Data were collected through semi-structured and fully structured interviews consisting of open-ended and closed structured questionnaires with the aim of gathering information on local knowledge of TB and HIV-1/AIDS. Those infected were interviewed to gather their experiential knowledge of TB and/or HIV-1/AIDS. The experiential knowledge is far from being theoretical, for it refers to personal experiences with the infections. The response rate was 100%, as those sampled were all interviewed.
Additional data came from one focus group discussion, whose composition was gender sensitive, having an equal number of men and women who were members of the community healthcare committees in Kanamkemer and California villages. The focus group session yielded invaluable insights that not only complemented other research methods, but also enabled me to unearth some of the information that I was not able to obtain via normal interviewing and participant observation. It also brought forth the nuances and contradictions in the Turkana's understanding of TB and HIV-1/AIDS, later allowing me to triangulate the results with other data from other research methods to enhance the validity of my findings.
Further to this, I held both informal and formal conversations with the District Public Health Officer, the Turkana District AIDS and STIs Control Programme Co-ordinator, indigenous healers and biomedical practitioners at the outpatient TB Clinic, TB Manyatta and isolation wards.
The research questionnaires were administered in my presence by a bilingual research assistant who was fully trained in interviewing techniques. The questionnaires were pre-tested for validity. Data were translated from Turkana into English by the research assistant. The validity of the data was also reinforced by the fact some informants could respond in Swahili, a language I am familiar with.
The research project was approved by the University Research Ethics Board-1, Faculty of Graduate Studies and Research, McGill University. The Ministry of Education of the Government of Kenya issued a research permit. Participation of informants in the project was based on informed consent. I have maintained the anonymity and confidentiality of informants and households.
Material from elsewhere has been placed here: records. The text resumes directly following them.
(* Let $\mathcal L\subseteq\mathfrak P(S)$ be an algebraic lattice of sets, endowed with its Zariski topology, and let $\mathcal L_\mathrm{fin}$ be the set of its finitely generated elements. Then: (1) $\mathcal L$ with the Zariski topology is locally with maximum; (2) $\mathcal L_\mathrm{fin}$ is dense in $\mathcal L$ with respect to the constructible topology; (3) $\mathcal L_\mathrm{fin}$, with the subspace Zariski topology, is a spectral space if and only if $\mathcal L_\mathrm{fin}=\mathcal L$.
   Context: $S$ is a nonempty set. A family $\mathcal L\subseteq\mathfrak P(S)$ is an algebraic lattice of sets if it is closed under arbitrary intersections (so $S\in\mathcal L$) and under nonempty up-directed unions. For $F\subseteq S$ let $F^c$ be the intersection of all members of $\mathcal L$ containing $F$; an element $A\in\mathcal L$ is finitely generated if $A=F^c$ for some finite $F\subseteq S$. The Zariski topology on $\mathcal L$ has as basis of open sets the sets $\{A\in\mathcal L\mid G\subseteq A\}$, $G\subseteq S$ finite; with it $\mathcal L$ is a spectral space, and its specialization order is reverse inclusion. A spectral space is locally with maximum if every point has a local basis of open sets each having a maximum in the specialization order ($x\leq y$ iff $y\in\mathrm{Cl}(\{x\})$). The constructible topology is the coarsest topology in which all open quasi-compact sets are clopen. *)

From Stdlib Require Import List.
Import ListNotations.

Set Implicit Arguments.

Definition set (X : Type) := X -> Prop.

Definition subset {X : Type} (A B : set X) : Prop := forall x, A x -> B x.
Definition setI {X : Type} (A B : set X) : set X := fun x => A x /\ B x.
Definition setD {X : Type} (A B : set X) : set X := fun x => A x /\ ~ B x.
Definition bigcup {X : Type} (F : set (set X)) : set X := fun x => exists U, F U /\ U x.
Definition bigcap {X : Type} (F : set (set X)) : set X := fun x => forall U, F U -> U x.
Definition finite_set {X : Type} (A : set X) : Prop :=
  exists s : list X, forall x, A x <-> In x s.

Section Generic.
Variable X : Type.

(* A topological space is given by a carrier P : set X and a family T of
   open subsets of P. *)
Definition is_topology (P : set X) (T : set (set X)) : Prop :=
  (forall U, T U -> subset U P) /\
  T P /\
  (forall F, subset F T -> T (bigcup F)) /\
  (forall U V, T U -> T V -> T (setI U V)).

Definition is_closed (P : set X) (T : set (set X)) (C : set X) : Prop :=
  subset C P /\ T (setD P C).

Definition closure (P : set X) (T : set (set X)) (A : set X) : set X :=
  fun x => P x /\ forall U, T U -> U x -> exists y, A y /\ U y.

Definition spec_le (P : set X) (T : set (set X)) (x y : X) : Prop :=
  closure P T (fun z => z = x) y.

Definition quasi_compact (P : set X) (T : set (set X)) (K : set X) : Prop :=
  subset K P /\
  forall F, subset F T -> subset K (bigcup F) ->
    exists s : list (set X), (forall U, In U s -> F U) /\
      subset K (fun x => exists U, In U s /\ U x).

Definition T0 (P : set X) (T : set (set X)) : Prop :=
  forall x y, P x -> P y -> (forall U, T U -> (U x <-> U y)) -> x = y.

Definition irreducible (P : set X) (T : set (set X)) (C : set X) : Prop :=
  (exists x, C x) /\
  forall C1 C2, is_closed P T C1 -> is_closed P T C2 ->
    subset C (fun x => C1 x \/ C2 x) -> subset C C1 \/ subset C C2.
(* Let $X$, $Y$ be disjoint sets of cardinality at least two, and let $M\le\mathrm{Sym}(X)$ and $N\le\mathrm{Sym}(Y)$ be nontrivial permutation groups. Then $M\boxtimes N$ is discrete (in the permutation topology of $\mathrm{Sym}(V_Y)$) if and only if $M$ and $N$ are semi-regular.
   Context: A permutation group is semi-regular if every point stabiliser is trivial. A group $G\le\mathrm{Sym}(V)$ is discrete in the permutation topology (pointwise convergence) iff the pointwise stabiliser in $G$ of some finite subset of $V$ is trivial. Let $T$ be the $(|X|,|Y|)$-biregular tree with natural bipartition $VT=V_X\sqcup V_Y$ (vertices in $V_X$ have valency $|X|$, in $V_Y$ valency $|Y|$). $A(v)$, $\overline{A}(v)$ are the sets of arcs with origin, resp. terminus, $v$. A legal colouring is a map $c:AT\to X\cup Y$ restricting to a bijection $A(v)\to X$ for $v\in V_X$, to a bijection $A(v)\to Y$ for $v\in V_Y$, and constant on each $\overline{A}(v)$. $U_c(M,N)$ is the group of $g\in\mathrm{Aut}(T)$ with $gV_X=V_X$ and $c|_{A(gv)}\circ g|_{A(v)}\circ(c|_{A(v)})^{-1}$ in $M$ for $v\in V_X$ and in $N$ for $v\in V_Y$. The box product $M\boxtimes N\le\mathrm{Sym}(V_Y)$ is the group induced on $V_Y$ by $U_c(M,N)$. *)

From Stdlib Require Import List.
Import ListNotations.
Set Implicit Arguments.

Definition perm_group (X : Type) (M : (X -> X) -> Prop) : Prop :=
  M (fun x => x) /\
  (forall m m', M m -> M m' -> M (fun x => m (m' x))) /\
  (forall m, M m -> exists m', M m' /\
       (forall x, m (m' x) = x) /\ (forall x, m' (m x) = x)).

Definition nontrivial_group (X : Type) (M : (X -> X) -> Prop) : Prop :=
  exists m, M m /\ exists x, m x <> x.

Definition semi_regular (X : Type) (M : (X -> X) -> Prop) : Prop :=
  forall m x, M m -> m x = x -> forall y, m y = y.

(* A group G <= Sym(D) is discrete in the permutation topology iff the
   pointwise stabiliser in G of some finite subset F of D is trivial. *)
Definition discrete_perm_group (D : Type) (G : (D -> D) -> Prop) : Prop :=
  exists F : list D, forall h, G h -> (forall d, In d F -> h d = d) ->
                                 forall d, h d = d.

(* walk E u l w : u = v0, l = [v1; ...; vn], vn = w, consecutive vertices adjacent *)
Inductive walk (V : Type) (E : V -> V -> Prop) : V -> list V -> V -> Prop :=
| walk_nil v : walk E v [] v
| walk_cons u v l w : E u v -> walk E v l w -> walk E u (v :: l) w.

Fixpoint reduced (V : Type) (s : list V) : Prop :=
  match s with
  | a :: ((_ :: c :: _) as t) => a <> c /\ reduced t
  | _ => True
  end.

Definition is_tree (V : Type) (E : V -> V -> Prop) : Prop :=
  (forall u v, E u v -> E v u) /\
  (forall v, ~ E v v) /\
  inhabited V /\
  (forall u v, exists l, walk E u l v) /\
  (forall v l, walk E v l v -> reduced (v :: l) -> l = []).

(* (|X|,|Y|)-biregular tree with natural bipartition V = V_X (isX) |_| V_Y (~ isX):
   edges join V_X and V_Y, vertices of V_X have valency |X|, those of V_Y valency |Y|. *)
Definition biregular_tree (X Y V : Type) (E : V -> V -> Prop) (isX : V -> Prop)
  : Prop :=
  is_tree E /\
  (forall u v, E u v -> (isX u <-> ~ isX v)) /\
  (forall v, isX v -> exists f : X -> V,
       (forall x, E v (f x)) /\ (forall x x', f x = f x' -> x = x') /\
       (forall w, E v w -> exists x, f x = w)) /\
  (forall v, ~ isX v -> exists f : Y -> V,
       (forall y, E v (f y)) /\ (forall y y', f y = f y' -> y = y') /\
       (forall w, E v w -> exists y, f y = w)).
The Local Knowledge of the Link between TB and HIV-1/Aids
My interest in the subject was stimulated during an interview with an indigenous healer concerning knowledge of HIV-1/AIDS. As I was interviewing the healer, his wife, who was busy preparing the evening meal, interjected that HIV-1/AIDS is inextricably linked with TB. She likened TB and HIV-1/AIDS to two women married to one man. She indicated that many people who are HIV-1 infected hide under the umbrella of TB, as the symptoms and signs of the two infections are similar. In addition, relatives who have lost people to HIV-1/AIDS indicate that they were afflicted only with TB, which, in effect, caused their deaths. As one elder said, "Tuberculosis masks the true symptoms of AIDS. This is why in hospital...those who are HIV-1 infected are often transferred to the tuberculosis isolation wards or the TB Manyatta. TB ndiyo ugonjwa maridadi." This statement means "tuberculosis is the beautiful illness," and it is made in reference to the fact that HIV-1/AIDS is more stigmatized than TB.
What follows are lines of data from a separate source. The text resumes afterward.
(* Under Assumption 1, let $(x^k)_{k\in\mathbb{N}}$ be generated by PPGA. Then $(x^k)$ is bounded and every accumulation point of $(x^k)$ is a stationary point of $F$.
   Context: Let $f:\mathbb{R}^n\to(-\infty,+\infty]$ be proper lsc, $g,h:\mathbb{R}^n\to\mathbb{R}$, $\Omega:=\{x:g(x)\ne0\}$, $F(x):=\frac{f(x)+h(x)}{g(x)}$ on $\Omega\cap\mathrm{dom}(f)$ and $+\infty$ otherwise. Assumption 1: (i) $f$ locally Lipschitz on $\mathrm{dom}(f)\cap\Omega$; (ii) $g$ locally Lipschitz continuously differentiable and positive on $\Omega\cap\mathrm{dom}(f)$; (iii) $\nabla h$ is $L$-Lipschitz, $L>0$; (iv) $f+h\ge0$ on $\mathrm{dom}(f)$, $\Omega\cap\mathrm{dom}(f)\ne\emptyset$; (v) $\mathrm{prox}_{f-\gamma g}(x)\ne\emptyset$ for all $x$, $\gamma\ge0$; (vi) $F$ lsc and level bounded. $\mathrm{prox}_\varphi(x):=\arg\min_u\{\varphi(u)+\frac12\|u-x\|_2^2\}$. Fréchet subdifferential: $\hat\partial\varphi(x):=\{v:\liminf_{z\to x,z\ne x}\frac{\varphi(z)-\varphi(x)-\langle v,z-x\rangle}{\|z-x\|_2}\ge0\}$; a stationary point of $F$ is $x^\star$ with $0\in\hat\partial F(x^\star)$. PPGA: choose $x^0\in\Omega\cap\mathrm{dom}(f)$ and $0<\underline\alpha\le\alpha_k\le\overline\alpha<1/L$; for $k=0,1,\dots$ set $C_k:=F(x^k)$ and pick any $x^{k+1}\in\mathrm{prox}_{\alpha_k(f-C_kg)}(x^k-\alpha_k\nabla h(x^k))$. *)

From HB Require Import structures.
From mathcomp Require Import all_boot all_order all_algebra.
From mathcomp Require Import all_classical all_reals ereal.
Set Implicit Arguments. Unset Strict Implicit. Unset Printing Implicit Defensive.
Import Order.TTheory GRing.Theory Num.Theory.
Local Open Scope ring_scope.
Local Open Scope ereal_scope.

Section Defs.
Variables (R : realType) (n : nat).
Notation V := 'rV[R]_n.

Definition dot (x y : V) : R := (\sum_(i < n) x 0 i * y 0 i)%R.
Definition norm2 (x : V) : R := Num.sqrt (dot x x).

Definition dom (f : V -> \bar R) : set V := [set x | f x != +oo].

Definition proper_fun (f : V -> \bar R) : Prop :=
  (forall x, f x != -oo) /\ (exists x, f x != +oo).

Definition lsc (f : V -> \bar R) : Prop :=
  forall x (a : R), a%:E < f x ->
    exists delta : R, (0 < delta)%R /\
      forall z, (norm2 (z - x) < delta)%R -> a%:E < f z.

Definition level_bounded (f : V -> \bar R) : Prop :=
  forall a : R, exists M : R, forall x, f x <= a%:E -> (norm2 x <= M)%R.

Definition loc_lipschitz_on (S : set V) (u : V -> R) : Prop :=
  forall x, S x -> exists delta K : R, (0 < delta)%R /\
    forall y z, S y -> S z -> (norm2 (y - x) < delta)%R -> (norm2 (z - x) < delta)%R ->
      (`|u y - u z| <= K * norm2 (y - z))%R.

Definition loc_lipschitz_on_vec (S : set V) (u : V -> V) : Prop :=
  forall x, S x -> exists delta K : R, (0 < delta)%R /\
    forall y z, S y -> S z -> (norm2 (y - x) < delta)%R -> (norm2 (z - x) < delta)%R ->
      (norm2 (u y - u z) <= K * norm2 (y - z))%R.

Definition is_gradient (u : V -> R) (x gv : V) : Prop :=
  forall eps : R, (0 < eps)%R -> exists delta : R, (0 < delta)%R /\
    forall z, (norm2 (z - x) < delta)%R ->
      (`|u z - u x - dot gv (z - x)| <= eps * norm2 (z - x))%R.

Definition lipschitz_vec (L : R) (u : V -> V) : Prop :=
  forall x y, (norm2 (u x - u y) <= L * norm2 (x - y))%R.

Definition Omega (g : V -> R) : set V := [set x | g x != 0%R].

Definition Ffrac (f : V -> \bar R) (g h : V -> R) (x : V) : \bar R :=
  if (g x != 0%R) && (f x != +oo)
  then (((fine (f x) + h x) / g x)%R)%:E else +oo.

Definition in_prox (phi : V -> \bar R) (x u : V) : Prop :=
  forall w, phi u + ((norm2 (u - x)) ^+ 2 / 2)%:E
            <= phi w + ((norm2 (w - x)) ^+ 2 / 2)%:E.

(* Frechet subdifferential: v \in \hat\partial phi(x)  (requires phi x finite);
   liminf_{z->x, z<>x} (phi z - phi x - <v,z-x>)/||z-x|| >= 0, unfolded. *)
Definition frechet_subgrad (phi : V -> \bar R) (x v : V) : Prop :=
  phi x \is a fin_num /\
  forall eps : R, (0 < eps)%R -> exists delta : R, (0 < delta)%R /\
    forall z, z != x -> (norm2 (z - x) < delta)%R ->
      phi x + (dot v (z - x) - eps * norm2 (z - x))%:E <= phi z.

Definition stationary (phi : V -> \bar R) (x : V) : Prop := frechet_subgrad phi x 0.

Definition accumulation_point (xs : nat -> V) (xbar : V) : Prop :=
  exists phi : nat -> nat, (forall j, (phi j < phi j.+1)%N) /\
    forall eps : R, (0 < eps)%R -> exists N, forall j, (N <= j)%N ->
      (norm2 (xs (phi j) - xbar) < eps)%R.

Definition bounded_seq (xs : nat -> V) : Prop :=
  exists M : R, forall k, (norm2 (xs k) <= M)%R.

End Defs.

From HB Require Import structures.
From mathcomp Require Import all_boot all_order all_algebra.
From mathcomp Require Import all_classical all_reals ereal all_analysis.
From mathcomp Require Import ring lra.
Import Order.TTheory GRing.Theory Num.Theory.
Import numFieldNormedType.Exports.
Set Implicit Arguments. Unset Strict Implicit. Unset Printing Implicit Defensive.
Local Open Scope ring_scope.
Local Open Scope classical_set_scope.

(* Write C_k := F(x^k).  Testing the prox step against w := x^k and using the descent
   lemma for h gives the sufficient decrease
     c ||x^{k+1} - x^k||^2 <= g(x^{k+1}) (C_k - C_{k+1}),   c := 1/(2 aup) - L/2 > 0,
   so (C_k) decreases and the iterates stay in the sublevel set {F <= C_0}, which is
   bounded and, F being lsc, compact.  There g is continuous, hence bounded, so
   ||x^{k+1} - x^k|| -> 0 because (C_k) converges.  If x^{k_j} -> xbar, passing to the
   limit in the prox inequality against an arbitrary w gives
     f(w) - F(xbar) g(w) + <grad h(xbar), w - xbar> + ||w - xbar||^2 / (2 alow) >= -h(xbar),
   and with w := z near xbar, together with the first-order expansion of h at xbar and
   g(z) >= g(xbar)/2, this yields F(z) >= F(xbar) - eps ||z - xbar||, i.e. 0 is a
   Frechet subgradient of F at xbar. *)

Section Euclidean.
Variables (R : realType) (n : nat).
Implicit Types (x y z : 'rV[R]_n) (a : R).

Lemma dotC x y : dot x y = dot y x.
Proof. by apply: eq_bigr => i _; rewrite mulrC. Qed.

Lemma dotDl x y z : dot (x + y) z = dot x z + dot y z.
Proof. by rewrite /dot -big_split; apply: eq_bigr => i _; rewrite mxE mulrDl. Qed.

Lemma dotDr x y z : dot z (x + y) = dot z x + dot z y.
Proof. by rewrite dotC dotDl !(dotC z). Qed.

Lemma dotZl a x y : dot (a *: x) y = a * dot x y.
Proof. by rewrite /dot mulr_sumr; apply: eq_bigr => i _; rewrite mxE mulrA. Qed.

Lemma dotZr a x y : dot y (a *: x) = a * dot y x.
Proof. by rewrite dotC dotZl dotC. Qed.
During a leaders' workshop in Lodwar, one participant remarked that it is popular knowledge that "Tuberculosis and HIV-1/AIDS are like brothers. When you have tuberculosis you go to the hospital and you get cured. After a short while, you go to the hospital again. The third time you go to the hospital, you do not recover, but die. This is because you are also HIV-1 infected. The chronic form of TB is HIV-1/AIDS."
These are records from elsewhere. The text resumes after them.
(* Let $\mathcal L$ be a choice logic and let $m$ be a degree obtainable in $\mathcal L$. Then there is an $\mathcal L$-formula $F$ such that $\deg_{\mathcal L}(\mathcal I,F)=m$ for every interpretation $\mathcal I$.
   Context: Fix a countably infinite set $\mathcal U$ of propositional variables. Let $\mathbb N=\{1,2,3,\dots\}$ and $\overline{\mathbb N}=\mathbb N\cup\{\infty\}$, with $n<\infty$ for all $n\in\mathbb N$. An interpretation is a set $\mathcal I\subseteq\mathcal U$ (the variables set to true). A choice logic $\mathcal L$ is specified by a finite set $C_{\mathcal L}$ of binary connective symbols disjoint from $\{\neg,\land,\lor\}$ and, for each $\circ\in C_{\mathcal L}$, a function $\mathrm{opt}_\circ:\mathbb N^2\to\mathbb N$ with $\mathrm{opt}_\circ(k,\ell)\le (k+1)(\ell+1)$ for all $k,\ell$, and a function $\deg_\circ:\mathbb N^2\times\overline{\mathbb N}^2\to\overline{\mathbb N}$ such that for all $k,\ell\in\mathbb N$, $m,n\in\overline{\mathbb N}$, either $\deg_\circ(k,\ell,m,n)\le \mathrm{opt}_\circ(k,\ell)$ or $\deg_\circ(k,\ell,m,n)=\infty$. The $\mathcal L$-formulas are built from variables in $\mathcal U$ using unary $\neg$ and binary $\land,\lor$ and the connectives in $C_{\mathcal L}$. The optionality $\mathrm{opt}_{\mathcal L}$ of formulas is defined by: $\mathrm{opt}_{\mathcal L}(a)=1$ for $a\in\mathcal U$; $\mathrm{opt}_{\mathcal L}(\neg F)=1$; $\mathrm{opt}_{\mathcal L}(F\land G)=\mathrm{opt}_{\mathcal L}(F\lor G)=\max(\mathrm{opt}_{\mathcal L}(F),\mathrm{opt}_{\mathcal L}(G))$; $\mathrm{opt}_{\mathcal L}(F\circ G)=\mathrm{opt}_\circ(\mathrm{opt}_{\mathcal L}(F),\mathrm{opt}_{\mathcal L}(G))$ for $\circ\in C_{\mathcal L}$. The satisfaction degree $\deg_{\mathcal L}(\mathcal I,F)\in\overline{\mathbb N}$ is defined by: $\deg_{\mathcal L}(\mathcal I,a)=1$ if $a\in\mathcal I$ and $\infty$ otherwise; $\deg_{\mathcal L}(\mathcal I,\neg F)=1$ if $\deg_{\mathcal L}(\mathcal I,F)=\infty$ and $\infty$ otherwise; $\deg_{\mathcal L}(\mathcal I,F\land G)=\max(\deg_{\mathcal L}(\mathcal I,F),\deg_{\mathcal L}(\mathcal I,G))$; $\deg_{\mathcal L}(\mathcal I,F\lor G)=\min(\deg_{\mathcal L}(\mathcal I,F),\deg_{\mathcal L}(\mathcal I,G))$; $\deg_{\mathcal L}(\mathcal I,F\circ G)=\deg_\circ(\mathrm{opt}_{\mathcal L}(F),\mathrm{opt}_{\mathcal L}(G),\deg_{\mathcal L}(\mathcal I,F),\deg_{\mathcal L}(\mathcal I,G))$ for $\circ\in C_{\mathcal L}$. A degree $m\in\overline{\mathbb N}$ is obtainable in $\mathcal L$ if there exist an interpretation $\mathcal I$ and an $\mathcal L$-formula $G$ with $\deg_{\mathcal L}(\mathcal I,G)=m$; $\mathrm{Obt}(\mathcal L)$ denotes the set of obtainable degrees. *)

From mathcomp Require Import all_boot.
Set Implicit Arguments. Unset Strict Implicit. Unset Printing Implicit Defensive.

(* Propositional variables: U := nat (countably infinite).
   Positive naturals N are represented by nat values >= 1 (hypotheses below
   guarantee that only such values ever arise).
   Degrees in N-bar := option nat, with [Some k] = k (k >= 1) and [None] = infinity. *)
Definition degree := option nat.
Definition inf : degree := None.

Definition interpretation := nat -> bool.

Definition dmax (a b : degree) : degree :=
  match a, b with
  | Some x, Some y => Some (maxn x y)
  | _, _ => None
  end.
Definition dmin (a b : degree) : degree :=
  match a, b with
  | Some x, Some y => Some (minn x y)
  | Some x, None => Some x
  | None, Some y => Some y
  | None, None => None
  end.

Definition valid_deg (d : degree) : Prop :=
  match d with Some k => 1 <= k | None => True end.

Record choice_logic := ChoiceLogic {
  conn : finType;
  opt_c : conn -> nat -> nat -> nat;
  deg_c : conn -> nat -> nat -> degree -> degree -> degree
}.

(* The conditions of the definition (restricted to arguments in N / N-bar). *)
Definition is_choice_logic (L : choice_logic) : Prop :=
  forall c : conn L,
    (forall k l, 1 <= k -> 1 <= l ->
       1 <= opt_c c k l /\ opt_c c k l <= k.+1 * l.+1) /\
    (forall k l m n, 1 <= k -> 1 <= l -> valid_deg m -> valid_deg n ->
       deg_c c k l m n = None \/
       exists d, deg_c c k l m n = Some d /\ 1 <= d /\ d <= opt_c c k l).

Inductive formula (C : Type) : Type :=
  | FVar : nat -> formula C
  | FNeg : formula C -> formula C
  | FAnd : formula C -> formula C -> formula C
  | FOr  : formula C -> formula C -> formula C
  | FConn : C -> formula C -> formula C -> formula C.

Fixpoint optL (L : choice_logic) (F : formula (conn L)) : nat :=
  match F with
  | FVar _ => 1
  | FNeg _ => 1
  | FAnd F G => maxn (optL F) (optL G)
  | FOr F G => maxn (optL F) (optL G)
  | FConn c F G => opt_c c (optL F) (optL G)
  end.

Fixpoint degL (L : choice_logic) (I : interpretation) (F : formula (conn L))
  : degree :=
  match F with
  | FVar a => if I a then Some 1 else None
  | FNeg F => match degL I F with None => Some 1 | Some _ => None end
  | FAnd F G => dmax (degL I F) (degL I G)
  | FOr F G => dmin (degL I F) (degL I G)
  | FConn c F G => deg_c c (optL F) (optL G) (degL I F) (degL I G)
  end.

Definition obtainable (L : choice_logic) (m : degree) : Prop :=
  exists (I : interpretation) (G : formula (conn L)), degL I G = m.

From mathcomp Require Import all_boot.

(* Suppose deg(I, G) = m.  Replace each variable a of G by a constant
   formula: the tautology  x0 \/ ~x0  (degree 1 everywhere) if a is in I,
   and the contradiction  x0 /\ ~x0  (degree infinity everywhere) otherwise.
   Both constants have optionality 1, exactly like a variable.  Since the
   optionality of a formula never depends on the interpretation and the
   degree of a compound formula is computed from the optionalities and
   degrees of its immediate subformulas only, a structural induction shows
   that, under every interpretation J, the substituted formula has the
   degree that G has under I. *)

Section Substitution.

Variable L : choice_logic.

Fixpoint subst (sigma : nat -> formula (conn L)) (F : formula (conn L))
  : formula (conn L) :=
  match F with
  | FVar a => sigma a
  | FNeg F => FNeg (subst sigma F)
  | FAnd F G => FAnd (subst sigma F) (subst sigma G)
  | FOr F G => FOr (subst sigma F) (subst sigma G)
  | FConn c F G => FConn c (subst sigma F) (subst sigma G)
  end.

Lemma optL_subst (sigma : nat -> formula (conn L)) (F : formula (conn L)) :
  (forall a, optL (sigma a) = 1) -> optL (subst sigma F) = optL F.
Proof.
move=> opt1; elim: F => [a|F _|F IHF G IHG|F IHF G IHG|c F IHF G IHG] //=;
  by rewrite IHF IHG.
Qed.

Lemma degL_subst (sigma : nat -> formula (conn L)) (I J : interpretation)
    (F : formula (conn L)) :
  (forall a, optL (sigma a) = 1) ->
  (forall a, degL J (sigma a) = degL I (FVar (conn L) a)) ->
  degL J (subst sigma F) = degL I F.
Proof.
move=> opt1 deg_sigma.
elim: F => [a|F IH|F IHF G IHG|F IHF G IHG|c F IHF G IHG] /=.
- exact: deg_sigma.
- by rewrite IH.
- by rewrite IHF IHG.
- by rewrite IHF IHG.
- by rewrite IHF IHG !optL_subst.
Qed.

Definition const_formula (b : bool) : formula (conn L) :=
  if b then FOr (FVar _ 0) (FNeg (FVar _ 0))
  else FAnd (FVar _ 0) (FNeg (FVar _ 0)).

Lemma optL_const_formula (b : bool) : optL (const_formula b) = 1.
Proof. by case: b. Qed.

Lemma degL_const_formula (J : interpretation) (b : bool) :
  degL J (const_formula b) = if b then Some 1 else None.
Proof. by case: b => /=; case: (J 0). Qed.

End Substitution.

Theorem mainTheorem3 (L : choice_logic) (HL : is_choice_logic L) (m : degree) :
  obtainable L m ->
  exists F : formula (conn L), forall I : interpretation, degL I F = m.
Proof.
move=> [I [G <-]].
exists (subst L (fun a => const_formula L (I a)) G) => J.
apply: degL_subst => a; first exact: optL_const_formula.
exact: degL_const_formula.
Qed.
A surveillance survey was conducted in the Lodwar District Hospital between February 3 and March 3, 2001, during which 12 patients (seven from the isolation wards, and five from the TB Manyatta) were tested anonymously. Eighty-five percent (n = 6) and 20% (n = 1) of the total number of tuberculosis patients in the isolation wards and TB Manyatta respectively were doubly infected with HIV-1. When data from the TB Manyatta and isolation wards are combined, we find that 58% of patients were doubly infected. According to this surveillance, more women (four of five) were doubly infected than men (three of seven). Of these doubly infected women, two were single, one was divorcee and one a widow. Generally, it was noted that nearly 40% of all smear-test-positive patients were also HIV-1-infected (personal communication with Clinical Officer, Chest and Skin Clinic, Lodwar District Hospital).
Results of the Study
Of the 13 in-patients at the TB Manyatta, seven indicated that there is no link between TB and HIV-1/AIDS, while three did not know. Only three affirmed that there is a link between TB and HIV-1/AIDS. In the same vein, of the 13 TB patients interviewed in the isolation ward, nine indicated that there was no link, three indicated that there was a link, and one did not know. Of the 20 non-infected informants, 15 indicated there was no link, two did not know and three noted a link between the two infections. Those who were not infected with TB were more likely to affirm the link than those who were infected. This is due to the stigma attached to both TB and HIV-1/AIDS, with the latter being more stigmatized than the former. It emerged that it is more acceptable to acknowledge an infection with TB than with HIV-1/AIDS.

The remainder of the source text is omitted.